= Tito Beltrán =

Chilean musician

Ernesto Beltrán Aguilar (born 1 July 1965), better known as Tito Beltrán, is a Chilean-born Swedish tenor. In October 2008, an appellate court in Sweden sentenced Beltrán to 2.5 years in prison for rape and sexual molestation of an underage child. Beltrán was released from prison in Sweden on 25 February 2010 and served the rest of his sentence under electronic surveillance at home.
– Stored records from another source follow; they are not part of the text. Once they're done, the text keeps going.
Lemma component_const (k m : R -> R) x0 y0 :
  (forall x y, C x y -> k x = m y) -> C x0 y0 ->
  (forall x, projx C x -> k x = k x0) /\ (forall y, projy C y -> m y = k x0).
Proof.
  intros Hkm H0.
  apply (component_propagate (fun x => k x = k x0) (fun y => m y = k x0) x0 y0);
    [| exact H0 | reflexivity].
  intros x y Hxy. rewrite (Hkm x y Hxy). tauto.
Qed.

Definition factorization (a b : R -> R) : Prop :=
  (forall x, a x <> 0) /\ (forall y, b y <> 0) /\ (forall x y, C x y -> a x * b y = y - x).

Lemma factorization_unique a b a' b' x0 y0 :
  factorization a b -> factorization a' b' -> C x0 y0 -> a x0 = a' x0 ->
  (forall x, projx C x -> a x = a' x) /\ (forall y, projy C y -> b y = b' y).
Proof.
  intros [Ha [Hb Hab]] [Ha' [Hb' Hab']] H0 Ha0.
  assert (Hratio : forall x y, C x y -> a' x / a x = b y / b' y).
  { intros x y Hxy. specialize (Ha x). specialize (Hb' y).
    apply (Rmult_eq_reg_r (a x * b' y)); [| exact (Rmult_integral_contrapositive_currified _ _ Ha Hb')].
    transitivity (a' x * b' y); [field; exact Ha |].
    transitivity (a x * b y); [| field; exact Hb'].
    rewrite (Hab x y Hxy), (Hab' x y Hxy). reflexivity. }
  destruct (component_const _ _ x0 y0 Hratio H0) as [Hx Hy].
  assert (Hone : a' x0 / a x0 = 1) by (rewrite Ha0; field; exact (Ha' x0)).
  split.
  - intros x Hx'. specialize (Hx x Hx'). rewrite Hone in Hx. specialize (Ha x).
    apply (Rmult_eq_reg_r (/ a x)); [| now apply Rinv_neq_0_compat].
    rewrite Rinv_r by exact Ha. symmetry. exact Hx.
  - intros y Hy'. specialize (Hy y Hy'). rewrite Hone in Hy. specialize (Hb' y).
    apply (Rmult_eq_reg_r (/ b' y)); [| now apply Rinv_neq_0_compat].
    rewrite Rinv_r by exact Hb'. exact Hy.
Qed.

Lemma position_shift_eq a b c h g x y :
  factorization a b -> C x y ->
  h x * (y - x) + g y = (h x - c / a x) * (y - x) + (g y + c * b y).
Proof.
  intros [Ha [_ Hab]] Hxy. rewrite <- (Hab x y Hxy). field. exact (Ha x).
Qed.

Lemma portfolio_position_classify a b v h0 g0 h g :
  factorization a b -> portfolio_position C v h0 g0 -> portfolio_position C v h g ->
  exists c, (forall x, projx C x -> h x = h0 x + c * / a x) /\
            (forall y, projy C y -> g y = g0 y + c * - b y).
Proof.
  intros [Ha [Hb Hab]] Hpos0 Hpos.
  destruct component_inhabited as [x0 [y0 H0]].
  assert (Hdiff : forall x y, C x y -> (h x - h0 x) * a x = (g0 y - g y) / b y).
  { intros x y Hxy. specialize (Hb y).
    apply (Rmult_eq_reg_r (b y)); [| exact Hb].
    transitivity ((h x - h0 x) * (y - x)); [rewrite <- (Hab x y Hxy); ring |].
    transitivity (g0 y - g y); [| field; exact Hb].
    pose proof (Hpos0 x y Hxy). pose proof (Hpos x y Hxy). lra. }
  destruct (component_const _ _ x0 y0 Hdiff H0) as [Hx Hy].
  exists ((h x0 - h0 x0) * a x0). split.
  - intros x Hx'. rewrite <- (Hx x Hx'). field. exact (Ha x).
  - intros y Hy'. rewrite <- (Hy y Hy'). field. exact (Hb y).
Qed.

Lemma normalized_positions_converge a b x0 y0 (hn gn : nat -> R -> R) v :
  factorization a b -> C x0 y0 -> a x0 = 1 ->
  (forall x y, C x y -> Un_cv (fun n => hn n x * (y - x) + gn n y) (v x y)) ->
  exists h g,
    (forall x, projx C x -> Un_cv (fun n => hn n x - hn n x0 / a x) (h x)) /\
    (forall y, projy C y -> Un_cv (fun n => gn n y + hn n x0 * b y) (g y)) /\
    portfolio_position C v h g.
Proof.
  intros Hab H0 Ha0 Hv.
  set (hn' := fun n x => hn n x - hn n x0 / a x).
  set (gn' := fun n y => gn n y + hn n x0 * b y).
  assert (Hv' : forall x y, C x y -> Un_cv (fun n => hn' n x * (y - x) + gn' n y) (v x y)).
  { intros x y Hxy. apply Un_cv_ext with (2 := Hv x y Hxy).
    intros n. exact (position_shift_eq a b (hn n x0) (hn n) (gn n) x y Hab Hxy). }
  destruct (component_propagate (fun x => exists l, Un_cv (fun n => hn' n x) l)
                                 (fun y => exists l, Un_cv (fun n => gn' n y) l) x0 y0)
    as [Hx Hy].
  - intros x y Hxy. apply (ex_Un_cv_affine_iff _ _ (y - x) (v x y)); [| exact (Hv' x y Hxy)].
    exact (Eo_sub_neq0 _ _ _ (component_Eo _ _ Hxy)).
  - exact H0.
  - exists 0. apply Un_cv_ext with (2 := Un_cv_const 0).
    intros n. unfold hn'. rewrite Ha0. field.
  - destruct (choice_default _ _ (projx C) (fun x l => Un_cv (fun n => hn' n x) l) 0 Hx)
      as [h Hh].
    destruct (choice_default _ _ (projy C) (fun y l => Un_cv (fun n => gn' n y) l) 0 Hy)
      as [g Hg].
    exists h, g. split; [intros x Hx'; exact (proj1 (Hh x) Hx') |].
    split; [intros y Hy'; exact (proj1 (Hg y) Hy') |].
    intros x y Hxy. apply (UL_sequence _ _ _ (Hv' x y Hxy)).
    apply CV_plus; [apply CV_mult; [| apply Un_cv_const] |].
    + exact (proj1 (Hh x) (ex_intro _ y Hxy)).
    + exact (proj1 (Hg y) (ex_intro _ x Hxy)).
Qed.

Hypothesis HN : no_identifying_cycles E C.

Lemma path_ratio_cycle x y l : C x y -> is_path E x y l x y -> path_ratio x y l x = 1.
Proof.
  intros Hxy Hl.
  assert (Hcyc : is_path E x y ((x, y) :: l) x y).
  { simpl. pose proof (component_Eo _ _ Hxy). tauto. }
  assert (Heq : cyc_prod1 ((x, y) :: l) = cyc_prod2 ((x, y) :: l)).
  { destruct (Req_dec (cyc_prod1 ((x, y) :: l)) (cyc_prod2 ((x, y) :: l))) as [| Hneq];
      [assumption |].
    exfalso. apply (HN x y _ Hxy Hcyc). unfold identifying. lra. }
  rewrite cyc_prod2_cons, <- (path_ratio_mul_cyc_prod1 _ _ _ _ _ _ Hl) in Heq.
  apply (Rmult_eq_reg_r (cyc_prod1 ((x, y) :: l))); [| exact (cyc_prod1_path_neq0 _ _ _ _ _ _ Hl)].
  rewrite Rmult_1_l. symmetry. exact Heq.
Qed.

Lemma path_ratio_independent x0 y0 l1 l2 x y1 y2 :
  C x0 y0 -> is_path E x0 y0 l1 x y1 -> is_path E x0 y0 l2 x y2 ->
  path_ratio x0 y0 l1 x = path_ratio x0 y0 l2 x.
Proof.
  intros H0 Hl1 Hl2.
  destruct (is_path_rev _ _ _ _ _ _ Hl2) as [l2' [Hl2' Hinv]].
  assert (Hback : is_path E x y1 ((x, y2) :: l2') x0 y0).
  { simpl. pose proof (is_path_end _ _ _ _ _ _ Hl1). pose proof (is_path_start _ _ _ _ _ _ Hl2'). tauto. }
  assert (Hone := path_ratio_cycle _ _ _ H0 (is_path_cat _ _ _ _ _ _ _ _ _ Hl1 Hback)).
  rewrite path_ratio_cat in Hone. simpl in Hone.
  replace ((y1 - x) / (y1 - x)) with 1 in Hone
    by (field; exact (Eo_sub_neq0 _ _ _ (is_path_end _ _ _ _ _ _ Hl1))).
  rewrite Rmult_1_l in Hone.
  rewrite <- (Rmult_1_r (path_ratio x0 y0 l1 x)), <- Hinv, <- Rmult_assoc, Hone. ring.
Qed.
Upon completing his sentence, he returned to Chile where he has made some public performances, also taking part in a number of public events and festivals. Late 2010, he was assigned as one of the judges for first-ever series of the Chilean X Factor.

==Musical career==
Beltrán was born in Punta Arenas, Chile, but moved to Sweden in 1986. He studied singing with Otto Kern and Robin Stapleton at the Music Academy at University of Gothenburg, studying tenor specialized in Italian opera tradition. He has performed at various opera houses around the world, and also widely at different scenes and TV shows in Sweden. In 2007, he performed at the Royal Swedish Opera in Stockholm, where he took part in the operas La Traviata and Tosca. He has also performed popular music, among others, with Robert Wells at the annual Rhapsody in Rock with high Swedish attendance records of 43,000 people at Ullevi in an 8 August 2003 show. He was signed to Silva Screen Records.

==Legal troubles==
In a 2004 court case, Beltrán was convicted for reckless endangerment after having driven his car with his neighbour on the hood.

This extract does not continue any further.